▶ _What you are asked to do_
Copy exactly the lines from the start of the data below through the one that carries "Proof. by case: z => w u; rewrite /amul /= mul1mx", and only those.

Stored data:
>>>
Section AffineProduct.
Variables (R : realType) (n : nat).
Implicit Types (w : 'M[R]_n) (g x y z : 'M[R]_n * 'rV[R]_n).

Definition aunit : 'M[R]_n * 'rV[R]_n := (1%:M, 0).
Definition ainv g : 'M[R]_n * 'rV[R]_n := (invmx g.1, - (g.2 *m invmx g.1)).
Definition aconj g z := amul (ainv g) (amul z g).

Lemma amulA x y z : amul (amul x y) z = amul x (amul y z).
Proof. by rewrite /amul /= !mulmxA mulmxDl addrA. Qed.

Lemma amul1g z : amul aunit z = z.
Proof. by case: z => w u; rewrite /amul /= mul1mx mul0mx add0r. Qed.

Lemma amulg1 z : amul z aunit = z.
Proof. by case: z => w u; rewrite /amul /= !mulmx1 addr0. Qed.

Section Invertible.
Variable g : 'M[R]_n * 'rV[R]_n.
Hypothesis unit_g : g.1 \in unitmx.

Lemma amulgV : amul g (ainv g) = aunit.
Proof. by rewrite /amul /= mulmxV // subrr. Qed.

Lemma amulVg : amul (ainv g) g = aunit.
Proof. by rewrite /amul /= mulVmx // mulNmx mulmxKV // addNr. Qed.

Lemma ainv_unitmx : (ainv g).1 \in unitmx.
Proof. by rewrite unitmx_inv. Qed.

Lemma ainvK : ainv (ainv g) = g.
Proof. by case: g unit_g => w u /= W; rewrite /ainv /= invmxK mulNmx mulmxKV // opprK. Qed.

Lemma aconjM x y : aconj g (amul x y) = amul (aconj g x) (aconj g y).
Proof. by rewrite /aconj !amulA -[amul g (amul (ainv g) _)]amulA amulgV amul1g. Qed.

Lemma aconjK : cancel (aconj g) (aconj (ainv g)).
Proof.
move=> z; rewrite /aconj ainvK -!amulA amulgV amul1g.
by rewrite amulA amulgV amulg1.
Qed.

End Invertible.

Lemma aconjKV g : g.1 \in unitmx -> cancel (aconj (ainv g)) (aconj g).
Proof. by move=> unit_g z; rewrite -{1}(ainvK unit_g) aconjK // ainv_unitmx. Qed.

Lemma amul_pair0 w1 w2 : amul (w1, 0) (w2, 0) = (w1 *m w2, 0).
Proof. by rewrite /amul /= mul0mx addr0. Qed.

Lemma aconj_pair0 w z : aconj (w, 0) z = (invmx w *m z.1 *m w, z.2 *m w).
Proof. by rewrite /aconj /ainv /amul /= mul0mx oppr0 mul0mx add0r addr0 mulmxA. Qed.

End AffineProduct.

Section AffineWeylGroup.
Variables (R : realType) (n : nat) (Phi : seq 'rV[R]_n).
Hypothesis rootPhi : is_root_system Phi.
Implicit Types (u v : 'rV[R]_n) (w : 'M[R]_n) (g h x y z : 'M[R]_n * 'rV[R]_n).

Lemma weyl_mul w1 w2 : in_weyl Phi w1 -> in_weyl Phi w2 -> in_weyl Phi (w1 *m w2).
Proof.
move=> W1; elim=> [|w b _ IH Phi_b]; first by rewrite mulmx1.
by rewrite mulmxA; apply: weyl_step.
Qed.

Lemma weyl_refl b : b \in Phi -> in_weyl Phi (refl b).
Proof. by rewrite -[refl b]mul1mx; apply: weyl_step; apply: weyl_one. Qed.

Lemma weyl_inv w : in_weyl Phi w -> exists2 w', in_weyl Phi w' & w' *m w = 1%:M.
Proof.
elim=> {w} [|w b _ [w' W' w'w] Phi_b].
  by exists 1%:M; [apply: weyl_one | rewrite mulmx1].
have nz_b : b != 0 by case: rootPhi => nz _ _ _ _; apply: nz.
exists (refl b *m w'); first by apply: weyl_mul => //; apply: weyl_refl.
by rewrite mulmxA -[_ *m w' *m w]mulmxA w'w mulmx1 reflK.
Qed.

Lemma weyl_unitmx w : in_weyl Phi w -> w \in unitmx.
Proof. by case/weyl_inv=> w' _ /mulmx1_unit[]. Qed.

Lemma weyl_invmx w : in_weyl Phi w -> in_weyl Phi (invmx w).
Proof.
move=> W; have [w' W' w'w] := weyl_inv W.
by rewrite -[invmx w]mul1mx -w'w mulmxK // weyl_unitmx.
Qed.

Lemma latt0 : in_coroot_lattice Phi 0.
Proof. by exists (fun _ => 0); rewrite big1 // => i _; rewrite mulr0z. Qed.

Lemma lattD u v :
  in_coroot_lattice Phi u -> in_coroot_lattice Phi v -> in_coroot_lattice Phi (u + v).
Proof.
move=> [c ->] [c' ->]; exists (fun i => c i + c' i).
by rewrite -big_split; apply: eq_bigr => i _; rewrite mulrzDr.
Qed.

Lemma lattMz u (z : int) : in_coroot_lattice Phi u -> in_coroot_lattice Phi (u *~ z).
Proof.
move=> [c ->]; exists (fun i => c i * z).
by rewrite mulrz_suml; apply: eq_bigr => i _; rewrite mulrzA.
Qed.

Lemma lattN u : in_coroot_lattice Phi u -> in_coroot_lattice Phi (- u).
Proof. by move/(lattMz (-1)); rewrite mulrN1z. Qed.

Lemma latt_coroot b : b \in Phi -> in_coroot_lattice Phi (coroot b).
Proof.
move=> Phi_b; have lt_b : (index b Phi < size Phi)%N by rewrite index_mem.
pose j : 'I_(size Phi) := Ordinal lt_b.
exists (fun i => (i == j)%:Z); rewrite (bigD1 j) //= eqxx big1 ?addr0 ?nth_index //.
by move=> i /negbTE ->; rewrite mulr0z.
Qed.

Lemma latt_refl u b : b \in Phi ->
  in_coroot_lattice Phi u -> in_coroot_lattice Phi (u *m refl b).
Proof.
case: rootPhi => _ _ _ Phi_int _ Phi_b [c ->]; rewrite mulmx_suml.
apply: (big_ind (in_coroot_lattice Phi)); [exact: latt0 | exact: lattD | move=> i _].
have [z dot_z] := Phi_int _ _ (mem_nth 0 (ltn_ord i)) Phi_b.
rewrite -scaler_int -scalemxAl reflE dotvC dot_z !scaler_int.
apply/lattMz/lattD; last apply/lattN/lattMz; by apply: latt_coroot; rewrite // mem_nth.
Qed.

Lemma latt_weyl u w : in_weyl Phi w ->
  in_coroot_lattice Phi u -> in_coroot_lattice Phi (u *m w).
Proof.
move=> W; elim: W u => {w} [|w b _ IH Phi_b] u Lu; first by rewrite mulmx1.
by rewrite mulmxA; apply: latt_refl => //; apply: IH.
Qed.

Lemma affine_unitmx g : in_affine Phi g -> g.1 \in unitmx.
Proof. by case=> /weyl_unitmx. Qed.

Lemma affine_mul g h : in_affine Phi g -> in_affine Phi h -> in_affine Phi (amul g h).
Proof.
case=> Wg Lg [Wh Lh]; split; first exact: weyl_mul.
by apply: lattD => //; apply: latt_weyl.
Qed.

Lemma affine_ainv g : in_affine Phi g -> in_affine Phi (ainv g).
Proof.
case=> Wg Lg; split; first exact: weyl_invmx.
by apply/lattN/latt_weyl => //; apply: weyl_invmx.
Qed.

Lemma affine_conjE x0 z :
  affine_conj Phi x0 z -> exists2 g, in_affine Phi g & z = aconj g x0.
Proof.
case=> g [Ag gz]; exists g => //.
by rewrite /aconj -gz -amulA amulVg ?amul1g // affine_unitmx.
Qed.

Lemma affine_conj_aconj x0 g z : in_affine Phi g ->
  affine_conj Phi x0 z -> affine_conj Phi x0 (aconj g z).
Proof.
move=> Ag [h [Ah hz]]; exists (amul h g); split; first exact: affine_mul.
rewrite /aconj amulA -[amul g (amul (ainv g) _)]amulA amulgV ?affine_unitmx //.
by rewrite amul1g -!amulA hz.
Qed.

Local Notation cadjX x0 := (cadj (@amul R n) (affine_conj Phi x0)).

Lemma cadj_aconj x0 g x y :
  in_affine Phi g -> cadjX x0 x y -> cadjX x0 (aconj g x) (aconj g y).
Proof.
move=> Ag [Xx [Xy xy]]; split; first exact: affine_conj_aconj.
split; first exact: affine_conj_aconj.
by rewrite -!aconjM ?xy // affine_unitmx.
Qed.

Lemma within_aconj x0 g x y m : in_affine Phi g ->
  within (cadjX x0) x y m -> within (cadjX x0) (aconj g x) (aconj g y) m.
Proof. by move=> Ag; apply: within_map => x' y'; apply: cadj_aconj. Qed.

End AffineWeylGroup.

Section DistanceFromBase.
Variables (R : realType) (n : nat) (Phi : seq 'rV[R]_n) (a : 'M[R]_n) (d k : nat).
Hypothesis rootPhi : is_root_system Phi.

Local Notation X := (affine_conj Phi (a, 0)).
Local Notation Xhat := (weyl_conj Phi a).
Local Notation cadjX := (cadj (@amul R n) X).

Hypothesis diam_Xhat : conn_diam_le (fun x y : 'M[R]_n => x *m y) Xhat d.
Hypothesis near_Xhat :
  forall u, X (a, u) -> exists xh, Xhat xh /\ within cadjX (a, u) (xh, 0) k.

Lemma affine_conj_pair0 c : Xhat c -> X (c, 0).
Proof.
case=> w [W wc]; exists (w, 0); split; first by split; [|apply: latt0].
by rewrite !amul_pair0 wc.
Qed.

Lemma within_pair0 c c' m :
  within (cadj (fun x y : 'M[R]_n => x *m y) Xhat) c c' m ->
  within cadjX (c, 0) (c', 0) m.
Proof.
apply: (within_map (f := fun c : 'M[R]_n => (c, 0 : 'rV[R]_n))) => x y [Xx [Xy xy]].
by split; [|split]; rewrite ?amul_pair0 ?xy //; apply: affine_conj_pair0.
Qed.

Lemma within_base y : X y -> within cadjX (a, 0) y (d + k).
Proof.
move=> Xy; case: (Xy) => [[w u] [[/= Ww _] gy]].
have wy : w *m y.1 = a *m w := congr1 fst gy.
have unit_w : w \in unitmx := weyl_unitmx rootPhi Ww.
pose h : 'M[R]_n * 'rV[R]_n := (invmx w, 0).
have Ah : in_affine Phi h by split; [apply: weyl_invmx | apply: latt0].
have hy : aconj h y = (a, y.2 *m invmx w) by rewrite aconj_pair0 invmxK wy mulmxK.
have ha : aconj h (a, 0) = (w *m a *m invmx w, 0) by rewrite aconj_pair0 invmxK mul0mx.
have Xhat_wa : Xhat (w *m a *m invmx w).
  by exists (invmx w); split; [apply: weyl_invmx | rewrite !mulmxA mulVmx ?mul1mx].
have [xh [Xhat_xh near_hy]] : exists xh, Xhat xh /\ within cadjX (aconj h y) (xh, 0) k.
  by rewrite hy; apply: near_Xhat; rewrite -hy; apply: affine_conj_aconj.
have := within_trans (within_pair0 (diam_Xhat Xhat_wa Xhat_xh))
                     (within_sym (@cadj_sym _ _ _) near_hy).
rewrite -ha => /(within_aconj rootPhi (affine_ainv rootPhi Ah)).
by rewrite !aconjK // unitmx_inv.
Qed.

End DistanceFromBase.

Theorem proposition2p7 (R : realType) (n : nat) (Phi : seq 'rV[R]_n)
  (a : 'M[R]_n) (d k : nat) :
  is_root_system Phi ->
  in_weyl Phi a -> a *m a = 1%:M -> a != 1%:M ->
  let X := affine_conj Phi (a, 0) in
  let Xhat := weyl_conj Phi a in
  conn_diam (fun x y : 'M[R]_n => x *m y) Xhat d ->
  (forall u, X (a, u) ->
     exists xh, Xhat xh /\ within (cadj (@amul R n) X) (a, u) (xh, 0) k) ->
  conn_diam_le (@amul R n) X (d + k).
Proof.
move=> rootPhi _ _ _ X Xhat [diam_Xhat _] near_Xhat x y Xx Xy.
have [g Ag ->] := affine_conjE rootPhi Xx.
have unit_g := affine_unitmx rootPhi Ag.
rewrite -(aconjKV unit_g y); apply: (within_aconj rootPhi Ag).
apply: (within_base rootPhi diam_Xhat near_Xhat).
by apply: affine_conj_aconj => //; apply: affine_ainv.
Qed.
<<<
▶ _Problem solution_
Section AffineProduct.
Variables (R : realType) (n : nat).
Implicit Types (w : 'M[R]_n) (g x y z : 'M[R]_n * 'rV[R]_n).

Definition aunit : 'M[R]_n * 'rV[R]_n := (1%:M, 0).
Definition ainv g : 'M[R]_n * 'rV[R]_n := (invmx g.1, - (g.2 *m invmx g.1)).
Definition aconj g z := amul (ainv g) (amul z g).

Lemma amulA x y z : amul (amul x y) z = amul x (amul y z).
Proof. by rewrite /amul /= !mulmxA mulmxDl addrA. Qed.

Lemma amul1g z : amul aunit z = z.
Proof. by case: z => w u; rewrite /amul /= mul1mx mul0mx add0r. Qed.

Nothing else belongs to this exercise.